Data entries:
Lemma fdef_lim_0 (M : R) : (1 <= n)%nat -> gam n p < 0 ->
  is_RInt_gen (integrand n p phi) (at_right 0) (at_point 1) M -> M < beta ->
  filterlim (fdef n p phi beta) (at_right 0) (locally 0).
Proof.
  intros Hn Hg HM Hb.
  apply (filterlim_le_le (fun _ => 0) _ (fun r => beta * exp (- gam n p * ln r)) 0).
  - exists (mkposreal 1 Rlt_0_1). intros r Hr Hr0.
    change (Rabs (r - 0) < 1) in Hr. apply Rabs_def2 in Hr.
    split; [now apply Rlt_le, (fdef_pos M) |].
    rewrite fdef_exp, Rmult_comm by exact Hr0.
    pose proof (opp_le_RInt_integrand M r HM Hr0).
    pose proof (RInt_integrand_le_0 r ltac:(lra)).
    pose proof (opp_ln_lt_ln_psi n r Hn ltac:(lra)).
    apply Rmult_le_compat; [lra | apply Rlt_le, exp_pos | lra |].
    apply Rlt_le, exp_increasing. nra.
  - apply filterlim_const.
  - apply filterlim_scal_exp_mul_ln_0. lra.
Qed.

Lemma fdef_lim_p_infty (l : R) : gam n p < 0 -> is_lim phi p_infty l ->
  is_lim (fdef n p phi beta) p_infty (l / Rabs (gam n p)).
Proof.
  intros Hg Hl. rewrite Rabs_left by exact Hg.
  pose proof (pos_INR n) as Hn.
  apply is_lim_ext_loc
    with (fun r => (RInt (integrand n p phi) 1 r + beta) / exp (- gam n p * ln_psi n r)).
  { exists 0. intros r Hr. rewrite fdef_exp by exact Hr. unfold Rdiv.
    rewrite <- exp_Ropp, Rmult_comm. do 3 f_equal. ring. }
  apply is_lim_div_p_infty_of_derive with (dF := integrand n p phi)
    (dH := fun r => - gam n p * ((r ^ 2 - INR n) / (r * (1 + r ^ 2)))
                    * exp (- gam n p * ln_psi n r)).
  - exists (INR n + 1). intros r Hr.
    split; [apply is_derive_RInt_integrand; lra |].
    split; [apply is_derive_exp_ln_psi; lra |].
    apply Rmult_lt_0_compat; [| apply exp_pos].
    apply Rmult_lt_0_compat; [lra | apply Rdiv_lt_0_compat; nra].
  - apply is_lim_le_p_loc with (fun r => - gam n p * ln r).
    + exists 1. intros r Hr. pose proof (ln_le_ln_psi n r ltac:(lra)).
      pose proof (exp_ineq1_le (- gam n p * ln_psi n r)). nra.
    + replace p_infty with (Rbar_mult (- gam n p) p_infty) at 2.
      * apply is_lim_scal_l, is_lim_ln_p.
      * rewrite Rbar_mult_comm. apply is_Rbar_mult_unique, is_Rbar_mult_p_infty_pos.
        simpl. lra.
  - apply is_lim_ext_loc
      with (fun r => / (- gam n p) * (phi r * ((1 + r ^ 2) / (r ^ 2 - INR n)))).
    { exists (INR n + 1). intros r Hr. rewrite integrand_exp by lra.
      pose proof (exp_pos (- gam n p * ln_psi n r)). field. repeat split; nra. }
    replace (Finite (l / - gam n p)) with (Rbar_mult (/ - gam n p) (Rbar_mult l 1))
      by (simpl; f_equal; field; lra).
    apply is_lim_scal_l, is_lim_mult; [exact Hl | apply is_lim_sq_ratio | exact I].
Qed.

End Integrand.

Theorem lemma4p1 (n : nat) (p : R) (phi : R -> R) (phiinf M beta : R)
  (Hn : (1 <= n)%nat)
  (Hp : p < - INR n - 1)
  (Hphi_nonneg : forall r, 0 <= r -> 0 <= phi r)
  (Hphi_pos : forall r, 0 < r -> 0 < phi r)
  (Hphi_cont : forall r, 0 < r -> continuous phi r)
  (Hphi_cont0 : filterlim phi (at_right 0) (locally (phi 0)))
  (Hphiinf : 0 < phiinf)
  (Hphi_lim : is_lim phi p_infty phiinf)
  (HM : is_RInt_gen (integrand n p phi) (at_right 0) (at_point 1) M)
  (Hbeta : M < beta) :
  (forall r, 0 < r -> ex_derive (fdef n p phi beta) r) /\
  (forall r, 0 < r -> continuous (Derive (fdef n p phi beta)) r) /\
  (forall r, 0 < r -> 0 < fdef n p phi beta r) /\
  filterlim (fdef n p phi beta) (at_right 0) (locally 0) /\
  is_lim (fdef n p phi beta) p_infty (phiinf / Rabs (gam n p)).
Proof.
  pose proof (gam_neg n p Hp) as Hgam.
  split; [| split; [| split; [| split]]].
  - intros r Hr. eexists. now apply is_derive_fdef.
  - intros r Hr. now apply continuous_Derive_fdef.
  - intros r Hr. now apply (fdef_pos n p phi Hphi_cont Hphi_pos beta M).
  - now apply (fdef_lim_0 n p phi Hphi_cont Hphi_pos beta M).
  - now apply fdef_lim_p_infty.
Qed.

Required work: Transcribe each entry exactly.

Expected answer:
Lemma fdef_lim_0 (M : R) : (1 <= n)%nat -> gam n p < 0 ->
  is_RInt_gen (integrand n p phi) (at_right 0) (at_point 1) M -> M < beta ->
  filterlim (fdef n p phi beta) (at_right 0) (locally 0).
Proof.
  intros Hn Hg HM Hb.
  apply (filterlim_le_le (fun _ => 0) _ (fun r => beta * exp (- gam n p * ln r)) 0).
  - exists (mkposreal 1 Rlt_0_1). intros r Hr Hr0.
    change (Rabs (r - 0) < 1) in Hr. apply Rabs_def2 in Hr.
    split; [now apply Rlt_le, (fdef_pos M) |].
    rewrite fdef_exp, Rmult_comm by exact Hr0.
    pose proof (opp_le_RInt_integrand M r HM Hr0).
    pose proof (RInt_integrand_le_0 r ltac:(lra)).
    pose proof (opp_ln_lt_ln_psi n r Hn ltac:(lra)).
    apply Rmult_le_compat; [lra | apply Rlt_le, exp_pos | lra |].
    apply Rlt_le, exp_increasing. nra.
  - apply filterlim_const.
  - apply filterlim_scal_exp_mul_ln_0. lra.
Qed.

Lemma fdef_lim_p_infty (l : R) : gam n p < 0 -> is_lim phi p_infty l ->
  is_lim (fdef n p phi beta) p_infty (l / Rabs (gam n p)).
Proof.
  intros Hg Hl. rewrite Rabs_left by exact Hg.
  pose proof (pos_INR n) as Hn.
  apply is_lim_ext_loc
    with (fun r => (RInt (integrand n p phi) 1 r + beta) / exp (- gam n p * ln_psi n r)).
  { exists 0. intros r Hr. rewrite fdef_exp by exact Hr. unfold Rdiv.
    rewrite <- exp_Ropp, Rmult_comm. do 3 f_equal. ring. }
  apply is_lim_div_p_infty_of_derive with (dF := integrand n p phi)
    (dH := fun r => - gam n p * ((r ^ 2 - INR n) / (r * (1 + r ^ 2)))
                    * exp (- gam n p * ln_psi n r)).
  - exists (INR n + 1). intros r Hr.
    split; [apply is_derive_RInt_integrand; lra |].
    split; [apply is_derive_exp_ln_psi; lra |].
    apply Rmult_lt_0_compat; [| apply exp_pos].
    apply Rmult_lt_0_compat; [lra | apply Rdiv_lt_0_compat; nra].
  - apply is_lim_le_p_loc with (fun r => - gam n p * ln r).
    + exists 1. intros r Hr. pose proof (ln_le_ln_psi n r ltac:(lra)).
      pose proof (exp_ineq1_le (- gam n p * ln_psi n r)). nra.
    + replace p_infty with (Rbar_mult (- gam n p) p_infty) at 2.
      * apply is_lim_scal_l, is_lim_ln_p.
      * rewrite Rbar_mult_comm. apply is_Rbar_mult_unique, is_Rbar_mult_p_infty_pos.
        simpl. lra.
  - apply is_lim_ext_loc
      with (fun r => / (- gam n p) * (phi r * ((1 + r ^ 2) / (r ^ 2 - INR n)))).
    { exists (INR n + 1). intros r Hr. rewrite integrand_exp by lra.
      pose proof (exp_pos (- gam n p * ln_psi n r)). field. repeat split; nra. }
    replace (Finite (l / - gam n p)) with (Rbar_mult (/ - gam n p) (Rbar_mult l 1))
      by (simpl; f_equal; field; lra).
    apply is_lim_scal_l, is_lim_mult; [exact Hl | apply is_lim_sq_ratio | exact I].
Qed.

End Integrand.

Theorem lemma4p1 (n : nat) (p : R) (phi : R -> R) (phiinf M beta : R)
  (Hn : (1 <= n)%nat)
  (Hp : p < - INR n - 1)
  (Hphi_nonneg : forall r, 0 <= r -> 0 <= phi r)
  (Hphi_pos : forall r, 0 < r -> 0 < phi r)
  (Hphi_cont : forall r, 0 < r -> continuous phi r)
  (Hphi_cont0 : filterlim phi (at_right 0) (locally (phi 0)))
  (Hphiinf : 0 < phiinf)
  (Hphi_lim : is_lim phi p_infty phiinf)
  (HM : is_RInt_gen (integrand n p phi) (at_right 0) (at_point 1) M)
  (Hbeta : M < beta) :
  (forall r, 0 < r -> ex_derive (fdef n p phi beta) r) /\
  (forall r, 0 < r -> continuous (Derive (fdef n p phi beta)) r) /\
  (forall r, 0 < r -> 0 < fdef n p phi beta r) /\
  filterlim (fdef n p phi beta) (at_right 0) (locally 0) /\
  is_lim (fdef n p phi beta) p_infty (phiinf / Rabs (gam n p)).
Proof.
  pose proof (gam_neg n p Hp) as Hgam.
  split; [| split; [| split; [| split]]].
  - intros r Hr. eexists. now apply is_derive_fdef.
  - intros r Hr. now apply continuous_Derive_fdef.
  - intros r Hr. now apply (fdef_pos n p phi Hphi_cont Hphi_pos beta M).
  - now apply (fdef_lim_0 n p phi Hphi_cont Hphi_pos beta M).
  - now apply fdef_lim_p_infty.
Qed.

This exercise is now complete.